Bash may not be the best way to handle all kinds of data, but there often comes a time when you are provided with a pure Bash environment, such as what we get in the common Linux based supercomputers and you just want an early result or view of the data before driving into the real programming, using Python, R and SQL, SPSS, and so on. Expertise in data-intensive languages comes at the price of spending a lot of time on them. In contrast, bash scripting is simple, easy to learn and perfect for mining textual data. Therefore, learning Bash shell should be the first step if you want to say, Hello to “Big Data”!
This book will demonstrate four practical flat file data mining projects involving four data projects (each with a different objective function).
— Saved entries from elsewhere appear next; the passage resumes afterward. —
(* For all integers $m,n\ge0$ and $p\ge0$, $$\sum_{k=0}^{m}s(m,k)\,\mathcal{B}_{n+k,p}=\sum_{k=0}^{n}S_m(n+m,k+m)\binom{m+k+p}{p}^{-1}.$$
   Context: $s(m,k)$ are the signed Stirling numbers of the first kind, defined by $x(x-1)\cdots(x-m+1)=\sum_{k=0}^m s(m,k)x^k$. $S_r(n,k)$ denotes the $r$-Stirling numbers of the second kind (number of partitions of an $n$-set into $k$ nonempty blocks such that the first $r$ elements lie in distinct blocks); they satisfy $\sum_{n\ge k}S_r(n+r,k+r)\frac{z^n}{n!}=\frac{1}{k!}e^{rz}(e^z-1)^k$. For an integer $p\ge0$, the $p$-Bell numbers $\mathcal{B}_{n,p}$ are defined by $\sum_{n\ge0}\mathcal{B}_{n,p}\frac{z^n}{n!}=\sum_{n\ge0}\binom{n+p}{p}^{-1}\frac{(e^z-1)^n}{n!}$. *)

From mathcomp Require Import all_boot all_order all_algebra.
Set Implicit Arguments. Unset Strict Implicit. Unset Printing Implicit Defensive.
Import GRing.Theory Num.Theory.
Local Open Scope ring_scope.

(* Signed Stirling numbers of the first kind, via the defining identity
   x(x-1)...(x-m+1) = sum_k s(m,k) x^k, i.e. s(m,k) is the k-th coefficient
   of the falling-factorial polynomial. *)
Definition falling_poly (m : nat) : {poly int} :=
  \prod_(i < m) ('X - (i%:Z)%:P).
Definition stirling1 (m k : nat) : int := (falling_poly m)`_k.

(* r-Stirling numbers of the second kind: number of partitions of an n-set
   (here 'I_n) into k nonempty blocks such that the first r elements
   (0, ..., r-1) lie in distinct blocks. *)
Definition rstirling2 (r n k : nat) : nat :=
  #|[set P : {set {set 'I_n}} |
      [&& partition P [set: 'I_n], #|P| == k &
          [forall i : 'I_n, forall j : 'I_n,
             ((i < r)%N && (j < r)%N && (i != j)) ==> (pblock P i != pblock P j)]]]|.

(* p-Bell numbers: n! times the coefficient of z^n in
   sum_j binom(j+p,p)^{-1} (e^z-1)^j/j!.  Since (e^z-1)^j/j! has
   n!-normalised coefficients S_0(n,j) (the r = 0 case of the EGF of the
   r-Stirling numbers), this is the finite sum below (S_0(n,j)=0 for j>n). *)
Definition pbell (n p : nat) : rat :=
  \sum_(j < n.+1) (rstirling2 0 n j)%:R / ('C(j + p, p))%:R.

(* Let S(D, R, j) count the partitions of a finite set D into j blocks that
   separate the points of R, a subset of D; the r-Stirling number S_r(N, j) is
   S('I_N, {0, ..., r-1}, j).  For x in D outside R, such a partition either
   also separates x from R, or puts x into the block of exactly one y in R, and
   deleting x is then a bijection onto the partitions of D :\ x separating R.
   Hence S_m(N+1, j) = S_(m+1)(N+1, j) + m S_m(N, j), which matches the
   recurrence s(m+1, k+1) = s(m, k) - m s(m, k+1) of the Stirling numbers of
   the first kind, and induction on m gives
     S_m(n+m, j) = sum_k s(m, k) S_0(n+k, j).
   Dividing by binom(j+p, p) and summing over j gives the theorem, because
   S_m(n+m, j) = 0 for j < m and S_0(n+k, j) = 0 for j > n+k. *)

From mathcomp Require Import all_boot all_order all_algebra.
Import GRing.Theory Num.Theory.
Set Implicit Arguments. Unset Strict Implicit. Unset Printing Implicit Defensive.

Lemma card_set_sum (I : finType) (p : pred I) : #|[set i | p i]| = \sum_i (p i : nat).
Proof. by rewrite -sum1dep_card big_mkcond. Qed.

Section RPartitions.
Variable T : finType.
Implicit Types (D R : {set T}) (P Q : {set {set T}}).

Definition separates P R :=
  [forall i in R, forall j in R, (i != j) ==> (pblock P i != pblock P j)].

Definition rpartition D R k P := [&& partition P D, #|P| == k & separates P R].

Definition rstirling D R k := #|[set P | rpartition D R k P]|.

Lemma separatesP P R : reflect {in R &, injective (pblock P)} (separates P R).
Proof.
apply: (iffP forall_inP) => [sepP i j iR jR | injP i iR].
  by move/eqP; apply: contraTeq => ij; move/forall_inP/(_ j jR): (sepP i iR); rewrite ij.
by apply/forall_inP => j jR; apply/implyP; apply: contra => /eqP/injP->.
Qed.

Lemma partition_eq_pblock P D a b : partition P D -> a \in D ->
  (pblock P a == pblock P b) = (b \in pblock P a).
Proof.
by move=> pP aD; rewrite eq_pblock ?(partition_trivIset pP) ?(cover_partition pP).
Qed.

Lemma pblock_preim_partition (rT : eqType) (f : T -> rT) D : {in D &, forall a b,
  (pblock (preim_partition f D) a == pblock (preim_partition f D) b) = (f a == f b)}.
Proof.
move=> a b aD bD; rewrite (partition_eq_pblock _ (preim_partitionP f D)) //.
by rewrite pblock_equivalence_partition //; split=> // /eqP->.
Qed.

Lemma eq_in_preim_partition (rT rT' : eqType) (f : T -> rT) (g : T -> rT') D :
    {in D &, forall a b, (f a == f b) = (g a == g b)} ->
  preim_partition f D = preim_partition g D.
Proof.
move=> fg; apply: eq_in_imset => a aD; apply/setP => b; rewrite !inE.
by case bD: (b \in D); rewrite //= fg.
Qed.

Lemma card_preim_partition (rT : finType) (f : T -> rT) D :
  #|preim_partition f D| = #|f @: D|.
Proof.
rewrite /preim_partition /equivalence_partition.
have -> : [set [set b in D | f a == f b] | a in D] =
          [set [set b in D | v == f b] | v in f @: D] by rewrite -imset_comp.
apply: card_in_imset => _ _ /imsetP[a aD ->] /imsetP[b bD ->] /setP/(_ a).
by rewrite !inE aD eqxx => /esym/eqP.
Qed.

Lemma card_partition_pblock P D : partition P D -> #|P| = #|pblock P @: D|.
Proof. by move=> pP; rewrite -card_preim_partition preim_partition_pblock. Qed.

Lemma rpartition_card_le D R k P : rpartition D R k P -> (k <= #|D|)%N.
Proof.
case/and3P=> pP /eqP <- _; rewrite (card_partition pP) -sum1_card.
by apply: leq_sum => B BP; rewrite card_gt0 (partition_neq0 pP BP).
Qed.

Lemma rpartition_card_ge D R k P :
  R \subset D -> rpartition D R k P -> (#|R| <= k)%N.
Proof.
move=> RD /and3P[pP /eqP <- /separatesP injP].
rewrite -(card_in_imset injP); apply/subset_leq_card/subsetP => _ /imsetP[i iR ->].
by rewrite pblock_mem // (cover_partition pP) (subsetP RD).
Qed.

Lemma rstirling_gt_card D R k : (#|D| < k)%N -> rstirling D R k = 0%N.
Proof.
move=> ltDk; apply: eq_card0 => P; rewrite inE.
by apply/negP => /rpartition_card_le; rewrite leqNgt ltDk.
Qed.

Lemma rstirling_lt_card D R k : R \subset D -> (k < #|R|)%N -> rstirling D R k = 0%N.
Proof.
move=> RD ltkR; apply: eq_card0 => P; rewrite inE.
by apply/negP => /(rpartition_card_ge RD); rewrite leqNgt ltkR.
Qed.

Section DeletePoint.
Variables (D R : {set T}) (x : T) (k : nat).
Hypotheses (RD : R \subset D) (xD : x \in D) (xR : x \notin R).

Let D' := D :\ x.
Let pull y a := if a == x then y else a.
Let restrict P := preim_partition (pblock P) D'.
Let insert y Q := preim_partition (fun a => pblock Q (pull y a)) D.

Let RD' : R \subset D'.
Proof.
apply/subsetP => a aR; rewrite !inE (subsetP RD) // andbT.
by apply: contraNneq xR => <-.
Qed.

Let D'D : D' \subset D.
Proof. exact: subsetDl. Qed.

Let pullE y a : a \in D' -> pull y a = a.
Proof. by rewrite !inE /pull => /andP[/negbTE->]. Qed.

Let imset_pull y : y \in D' -> pull y @: D = D'.
Proof.
move=> yD'; apply/setP => a; apply/imsetP/idP => [[b bD ->] | aD'].
  by rewrite /pull; case: eqP => // /eqP bx; rewrite !inE bx.
by exists a; rewrite ?pullE // (subsetP D'D).
Qed.

Section JoinBlock.
Variables (y : T) (yR : y \in R).

Let yD' : y \in D'. Proof. exact: subsetP RD' y yR. Qed.

Let pullD' a : a \in D -> pull y a \in D'.
Proof. by move=> aD; rewrite -(imset_pull yD') imset_f. Qed.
If you haven’t used Bash before, feel free to skip the projects and get to the tutorials part . Complete the tutorials first and then come back to the projects again. The tutorial section will introduce with bash scripting, regular expressions, AWK, sed, grep and so on. The course finishes with a near-complete list of references to all the relevant command line and Big data tools.
Target audience and prerequisites: Almost everyone can benefit from learning to use Bash particularly in data mining: particularly students who want to learn Bash and the command line to improve their career prospects, researchers who want to add Bash and other command line tools to their bag of tricks, scientists who want to learn to explore and analyze the data that their lab generates.